(* Let $0<\varepsilon_0\le1$ and let $A,B,C$ be $(h_A,k_A)$-, $(h_B,k_B)$-, $(h_C,k_C)$-expansions on $(0,\varepsilon_0]$. With the operations on expansions defined in the context, the following hold as identities of expansions (equal parameters $h,k$, equal coefficients and equal remainders for the two sides): (i) $A+0=A$ where $0$ is the $(h_A,k_A)$-expansion with zero coefficients and zero remainder; $A\cdot1=A$ where $1$ is the $(0,k_A-h_A)$-expansion $1+0\varepsilon+\dots+0\varepsilon^{k_A-h_A}$ with zero remainder; $A+(-1)A=0$ (the $(h_A,k_A)$-expansion of $0$); and, if $A$ is pivotal, $A\cdot A^{-1}=1$ (the $(0,k_A-h_A)$-expansion of $1$), valid on an interval $(0,\varepsilon'_0]$ where $A(\varepsilon)\ne0$; (ii) $A+B=B+A$ and $(A+B)+C=A+(B+C)$; (iii) $A\cdot B=B\cdot A$ and $(A\cdot B)\cdot C=A\cdot(B\cdot C)$; (iv) $(A+B)\cdot C=A\cdot C+B\cdot C$.
   Context: A $(h,k)$-expansion of a real function $A$ on $(0,\varepsilon_0]$: $A(\varepsilon)=\sum_{l=h}^ka_l\varepsilon^l+o_A(\varepsilon^k)$ with integers $h\le k$, real $a_l$, $o_A(\varepsilon^k)/\varepsilon^k\to0$; pivotal means $a_h\ne0$. Operations (with $\wedge$ = min): Scalar multiple $cA$: $(h_A,k_A)$-expansion with coefficients $ca_l$ and remainder $co_A$. Sum $A+B$: $(h_A\wedge h_B,\,k_A\wedge k_B)$-expansion with coefficients $a_l+b_l$ (missing coefficients below $h_A$ resp. $h_B$ taken as $0$) and remainder $\sum_{k<i\le k_A}a_i\varepsilon^i+\sum_{k<j\le k_B}b_j\varepsilon^j+o_A+o_B$ where $k=k_A\wedge k_B$. Product $A\cdot B$: $(h_A+h_B,\,(k_A+h_B)\wedge(k_B+h_A))$-expansion with coefficients $c_{h_A+h_B+r}=\sum_{0\le i\le r}a_{h_A+i}b_{h_B+r-i}$ and remainder $\sum_{k<i+j}a_ib_j\varepsilon^{i+j}+\sum_ia_i\varepsilon^io_B+\sum_jb_j\varepsilon^jo_A+o_Ao_B$, $k$ being the new upper parameter. Reciprocal $B^{-1}$ of a pivotal $B$ (on an interval where $B\ne0$): $(-h_B,\,k_B-2h_B)$-expansion with $c_{-h_B}=b_{h_B}^{-1}$, $c_{-h_B+r}=-b_{h_B}^{-1}\sum_{1\le i\le r}b_{h_B+i}c_{-h_B+r-i}$, and remainder equal to $B^{-1}$ minus this polynomial. *)

From HB Require Import structures.
From mathcomp Require Import all_boot all_order all_algebra.
From mathcomp Require Import all_classical all_reals topology normedtype.
Set Implicit Arguments. Unset Strict Implicit. Unset Printing Implicit Defensive.
Import Order.TTheory GRing.Theory Num.Theory.
Import numFieldNormedType.Exports.
Local Open Scope classical_set_scope.
Local Open Scope ring_scope.

(* An (h,k)-expansion: parameters h <= k, coefficients a_l (only l in [h,k]
   are meaningful), and remainder o_A. The represented function is
   A(x) = sum_{l=h}^k a_l x^l + o_A(x). *)
Record expansion (R : realType) := Expansion {
  eh : int; ek : int; ecoef : int -> R; erem : R -> R }.

Section Exp.
Variable R : realType.

Definition psum (h k : int) (a : int -> R) (x : R) : R :=
  \sum_(0 <= i < (absz (k - h)).+1) a (h + i%:Z) * x ^ (h + i%:Z).

Definition tsum (m n : int) (a : int -> R) (x : R) : R :=
  \sum_(0 <= i < absz (n - m)) a (m + 1 + i%:Z) * x ^ (m + 1 + i%:Z).

Definition epoly (A : expansion R) (x : R) : R := psum (eh A) (ek A) (ecoef A) x.

Definition efun (A : expansion R) (x : R) : R := epoly A x + erem A x.

Definition is_expansion (A : expansion R) : Prop :=
  eh A <= ek A /\ (fun x => erem A x / x ^ ek A) @ 0^'+ --> (0 : R).

Definition pivotal (A : expansion R) : Prop := ecoef A (eh A) != 0.

Definition coefz (A : expansion R) (l : int) : R :=
  if eh A <= l then ecoef A l else 0.

Definition escale (c : R) (A : expansion R) : expansion R :=
  Expansion (eh A) (ek A) (fun l => c * ecoef A l) (fun x => c * erem A x).

Definition eadd (A B : expansion R) : expansion R :=
  let k := Order.min (ek A) (ek B) in
  Expansion (Order.min (eh A) (eh B)) k
    (fun l => coefz A l + coefz B l)
    (fun x => tsum k (ek A) (coefz A) x + tsum k (ek B) (coefz B) x
              + erem A x + erem B x).

Definition emul (A B : expansion R) : expansion R :=
  let h := eh A + eh B in
  let k := Order.min (ek A + eh B) (ek B + eh A) in
  Expansion h k
    (fun l => \sum_(0 <= i < (absz (l - h)).+1)
                ecoef A (eh A + i%:Z) * ecoef B (l - eh A - i%:Z))
    (fun x =>
       (\sum_(0 <= i < (absz (ek A - eh A)).+1)
          \sum_(0 <= j < (absz (ek B - eh B)).+1 | k < eh A + i%:Z + (eh B + j%:Z))
            ecoef A (eh A + i%:Z) * ecoef B (eh B + j%:Z)
              * x ^ (eh A + i%:Z + (eh B + j%:Z)))
       + epoly A x * erem B x + epoly B x * erem A x + erem A x * erem B x).

(* coefficients c_{-h}, ..., c_{-h+n} of the reciprocal, given b r = b_{h+r} *)
Fixpoint invseq (b : nat -> R) (n : nat) : seq R :=
  match n with
  | 0 => [:: (b 0%N)^-1]
  | n'.+1 => let s := invseq b n' in
      rcons s (- (b 0%N)^-1 * \sum_(1 <= i < n.+1) b i * nth 0 s (n - i)%N)
  end.

Definition invcoef (b : nat -> R) (r : nat) : R := nth 0 (invseq b r) r.

Definition einv (B : expansion R) : expansion R :=
  let h := - eh B in
  let k := ek B - 2 * eh B in
  let c := fun l : int => invcoef (fun r => ecoef B (eh B + r%:Z)) (absz (l - h)) in
  Expansion h k c (fun x => (efun B x)^-1 - psum h k c x).

Definition ezero (A : expansion R) : expansion R :=
  Expansion (eh A) (ek A) (fun _ => 0) (fun _ => 0).

Definition eone (A : expansion R) : expansion R :=
  Expansion 0 (ek A - eh A) (fun l => if l == 0 then 1 else 0) (fun _ => 0).

Definition eqexp (e : R) (A B : expansion R) : Prop :=
  [/\ eh A = eh B, ek A = ek B,
      (forall l, eh A <= l <= ek A -> ecoef A l = ecoef B l) &
      (forall x, 0 < x <= e -> erem A x = erem B x)].

End Exp.

(* An expansion is its parameters and coefficients together with a remainder,
   and the remainder is the represented function minus the polynomial part.
   So two expansions with equal parameters and coefficients coincide as soon
   as they represent the same function, and every operation represents the
   corresponding operation on functions; the identities on functions are
   field identities.  The coefficients of a product are the convolution of
   the (shifted) coefficients of the factors, and the ring laws of
   convolution are those of polynomial multiplication after truncation.
   The coefficients of the reciprocal are defined exactly so that their
   convolution with those of A is 1, 0, 0, ... *)

From HB Require Import structures.
From mathcomp Require Import all_boot all_order all_algebra.
From mathcomp Require Import all_classical all_reals topology normedtype.
From mathcomp Require Import zify ring.
Import Order.TTheory GRing.Theory Num.Theory.
Local Open Scope ring_scope.
Set Implicit Arguments. Unset Strict Implicit. Unset Printing Implicit Defensive.

Section Convolution.
Variable R : comNzRingType.
Implicit Types (a b c : nat -> R) (p q : {poly R}).

Definition conv a b (n : nat) := \sum_(0 <= i < n.+1) a i * b (n - i)%N.

Lemma conv_coefM a b p q n :
  (forall i, (i <= n)%N -> p`_i = a i) -> (forall i, (i <= n)%N -> q`_i = b i) ->
  conv a b n = (p * q)`_n.
Proof.
move=> Ep Eq; rewrite /conv big_mkord coefM; apply: eq_bigr => i _.
by rewrite Ep -1?ltnS // Eq // leq_subr.
Qed.

Definition trunc_poly a n : {poly R} := \poly_(i < n.+1) a i.

Lemma coef_trunc_poly a n i : (i <= n)%N -> (trunc_poly a n)`_i = a i.
Proof. by rewrite coef_poly ltnS => ->. Qed.

Lemma conv_trunc_poly a b n : conv a b n = (trunc_poly a n * trunc_poly b n)`_n.
Proof. by apply: conv_coefM => i; apply: coef_trunc_poly. Qed.

Lemma convC a b n : conv a b n = conv b a n.
Proof. by rewrite !conv_trunc_poly mulrC. Qed.

Lemma coef_mul_trunc_poly a b n i : (i <= n)%N ->
  (trunc_poly a n * trunc_poly b n)`_i = conv a b i.
Proof.
move=> le_in; symmetry; apply: conv_coefM => j le_ji;
  by apply: coef_trunc_poly; apply: leq_trans le_in.
Qed.

Lemma convA a b c n : conv (conv a b) c n = conv a (conv b c) n.
Proof.
rewrite (@conv_coefM _ _ (trunc_poly a n * trunc_poly b n) (trunc_poly c n)); last 2 first.
- exact: coef_mul_trunc_poly.
- exact: coef_trunc_poly.
rewrite (@conv_coefM _ _ (trunc_poly a n) (trunc_poly b n * trunc_poly c n)) ?mulrA //.
- exact: coef_trunc_poly.
- exact: coef_mul_trunc_poly.
Qed.

Lemma convDl a a' b n : conv (a \+ a') b n = conv a b n + conv a' b n.
Proof. by rewrite /conv -big_split; apply: eq_bigr => i _; rewrite mulrDl. Qed.

Lemma eq_conv a a' b b' n :
  (forall i, (i <= n)%N -> a i = a' i) -> (forall i, (i <= n)%N -> b i = b' i) ->
  conv a b n = conv a' b' n.
Proof.
move=> Ea Eb; rewrite conv_trunc_poly; symmetry; apply: conv_coefM => i le_in;
  by rewrite coef_trunc_poly // (Ea, Eb).
Qed.

End Convolution.

Lemma sum_nat_triangle (V : nmodType) n (F : nat -> nat -> V) :
  \sum_(0 <= l < n.+1) \sum_(0 <= i < l.+1) F l i =
  \sum_(0 <= i < n.+1) \sum_(i <= l < n.+1) F l i.
Proof.
transitivity (\sum_(0 <= l < n.+1) \sum_(0 <= i < n.+1)
                 (if (i <= l)%N then F l i else 0)).
  apply: eq_big_nat => l /andP[_ le_ln].
  rewrite (big_nat_widen _ _ _ _ _ le_ln) big_mkcond.
  by apply: eq_bigr => i _; rewrite ltnS.
rewrite exchange_big_nat; apply: eq_big_nat => i /andP[_ le_in].
by rewrite (big_nat_widenl _ _ _ _ _ (leq0n i)) big_mkcond.
Qed.

Lemma sum_antidiagonal (V : nmodType) nX nY N (P : nat -> nat -> bool)
    (T : nat -> nat -> V) :
  (N <= nX)%N -> (N <= nY)%N ->
  (forall i j, (i <= nX)%N -> (j <= nY)%N -> P i j = (i + j <= N)%N) ->
  \sum_(0 <= i < nX.+1) \sum_(0 <= j < nY.+1 | P i j) T i j =
  \sum_(0 <= l < N.+1) \sum_(0 <= i < l.+1) T i (l - i)%N.
Proof.
move=> le_NX le_NY EP; rewrite (sum_nat_triangle N (fun l i => T i (l - i)%N)).
rewrite (@big_cat_nat _ _ _ N.+1) //=.
rewrite [X in _ + X]big_nat_cond [X in _ + X]big1 ?addr0; last first.
  move=> i /andP[/andP[lt_Ni lt_iX] _]; rewrite big_nat_cond big_pred0 // => j.
  by apply/negbTE/andP => -[/andP[_ lt_jY]]; rewrite EP; lia.
apply: eq_big_nat => i /andP[_ lt_iN].
rewrite -[in RHS](add0n i) big_addn.
rewrite (@big_nat_widen _ _ _ _ (N.+1 - i) nY.+1); last by lia.
rewrite big_nat_cond [RHS]big_nat_cond.
apply: eq_big => [j|j _]; last by congr (T i _); lia.
by case: (ltnP j nY.+1) => lt_jY; rewrite /= ?andbF //= EP; lia.
Qed.

Section Expansions.
Variable R : realType.
Implicit Types (X Y Z : expansion R) (f g : int -> R) (x : R) (h k m n p l : int).

Lemma tsum_cat m n p f x : m <= n -> n <= p ->
  tsum m n f x + tsum n p f x = tsum m p f x.
Proof.
move=> le_mn le_np; rewrite /tsum.
have -> : absz (p - m)%R = (absz (n - m)%R + absz (p - n)%R)%N by lia.
rewrite [RHS](@big_cat_nat _ _ _ (absz (n - m))) ?leq_addr //=; congr (_ + _).
rewrite (big_addn 0 _ (absz (n - m))) addKn; apply: eq_bigr => i _.
by congr (f _ * x ^ _); lia.
Qed.

Lemma psum_tsum h k f x : h <= k -> psum h k f x = tsum (h - 1) k f x.
Proof.
move=> le_hk; rewrite /psum /tsum.
have -> : absz (k - (h - 1))%R = (absz (k - h)%R).+1 by lia.
by apply: eq_bigr => i _; congr (f _ * x ^ _); lia.
Qed.

Lemma eq_psum h k f g x : h <= k -> (forall l, h <= l <= k -> f l = g l) ->
  psum h k f x = psum h k g x.
Proof.
move=> le_hk Efg; apply: eq_big_nat => i /andP[_ lt_i].
by rewrite Efg //; apply/andP; split; lia.
Qed.

Lemma eq_tsum m n f g x : m <= n -> (forall l, m < l <= n -> f l = g l) ->
  tsum m n f x = tsum m n g x.
Proof.
move=> le_mn Efg; apply: eq_big_nat => i /andP[_ lt_i].
by rewrite Efg //; apply/andP; split; lia.
Qed.

Lemma tsum_eq0 m n f x : m <= n -> (forall l, m < l <= n -> f l = 0) -> tsum m n f x = 0.
Proof.
by move=> le_mn f0; rewrite (@eq_tsum _ _ _ (fun=> 0)) // /tsum big1 // => i _; rewrite mul0r.
Qed.

Lemma psumD h k f g x :
  psum h k (fun l => f l + g l) x = psum h k f x + psum h k g x.
Proof. by rewrite /psum -big_split; apply: eq_bigr => i _; rewrite mulrDl. Qed.

Lemma psum_coefz_tsum Z h k x : eh Z <= ek Z ->
  h <= eh Z -> h <= k -> k <= ek Z ->
  psum h k (coefz Z) x + tsum k (ek Z) (coefz Z) x = epoly Z x.
Proof.
move=> le_Z le_h le_hk le_k; rewrite psum_tsum // tsum_cat //; last lia.
rewrite /epoly psum_tsum // -(@tsum_cat (h - 1) (eh Z - 1)); [|lia|lia].
have -> : tsum (h - 1) (eh Z - 1) (coefz Z) x = 0.
  by apply: tsum_eq0 => [|l lt_l]; [lia | rewrite /coefz ifF //; lia].
rewrite add0r.
by apply: eq_tsum => [|l lt_l]; [lia | rewrite /coefz ifT //; lia].
Qed.

Lemma efun_eadd X Y x : eh X <= ek X -> eh Y <= ek Y ->
  efun (eadd X Y) x = efun X x + efun Y x.
Proof.
move=> le_X le_Y; rewrite /efun {1}/epoly /= psumD.
rewrite -(@psum_coefz_tsum X (Order.min (eh X) (eh Y)) (Order.min (ek X) (ek Y)));
  try lia.
rewrite -(@psum_coefz_tsum Y (Order.min (eh X) (eh Y)) (Order.min (ek X) (ek Y)));
  try lia.
ring.
Qed.

Definition scoef X (r : nat) := ecoef X (eh X + r%:Z).

Lemma ecoef_emul X Y l (n : nat) : l = eh X + eh Y + n%:Z ->
  ecoef (emul X Y) l = conv (scoef X) (scoef Y) n.
Proof.
move=> ->; rewrite /= /conv /scoef.
have -> : absz (eh X + eh Y + n%:Z - (eh X + eh Y))%R = n by lia.
by apply: eq_big_nat => i /andP[_ lt_in]; congr (_ * ecoef Y _); lia.
Qed.

(* The double sum is the part of the product above degree k, which emul puts
   into the remainder. *)
Lemma epoly_emul X Y x : eh X <= ek X -> eh Y <= ek Y -> x != 0 ->
  epoly (emul X Y) x +
  (\sum_(0 <= i < (absz (ek X - eh X)).+1)
     \sum_(0 <= j < (absz (ek Y - eh Y)).+1 |
           Order.min (ek X + eh Y) (ek Y + eh X) < eh X + i%:Z + (eh Y + j%:Z))
        ecoef X (eh X + i%:Z) * ecoef Y (eh Y + j%:Z)
          * x ^ (eh X + i%:Z + (eh Y + j%:Z)))
  = epoly X x * epoly Y x.
Proof.
move=> le_X le_Y x0; set k := Order.min _ _.
rewrite /epoly /psum big_distrlr /=.
under [RHS]eq_bigr => i _ do under eq_bigr => j _ do rewrite mulrACA -expfzDr //.
under [RHS]eq_bigr => i _ do rewrite (bigID (fun j => k < eh X + i%:Z + (eh Y + j%:Z))) /=.
rewrite big_split /= [RHS]addrC; congr (_ + _).
rewrite (@sum_antidiagonal _ _ _ (absz (k - (eh X + eh Y))%R));
  [| lia | lia | by move=> i j lt_i lt_j; apply/idP/idP; lia].
apply: eq_big_nat => l /andP[_ lt_l]; rewrite big_distrl /=.
have -> : absz (eh X + eh Y + l%:Z - (eh X + eh Y))%R = l by lia.
by apply: eq_big_nat => i /andP[_ lt_il]; congr (_ * ecoef Y _ * x ^ _); lia.
Qed.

### What is needed
With the line holding "Definition conv a" as the first and the line holding "move=> Ep Eq;" as the last, set down that range of the entries above exactly, and nothing else.

### Output for this exercise
Definition conv a b (n : nat) := \sum_(0 <= i < n.+1) a i * b (n - i)%N.

Lemma conv_coefM a b p q n :
  (forall i, (i <= n)%N -> p`_i = a i) -> (forall i, (i <= n)%N -> q`_i = b i) ->
  conv a b n = (p * q)`_n.
Proof.
move=> Ep Eq; rewrite /conv big_mkord coefM; apply: eq_bigr => i _.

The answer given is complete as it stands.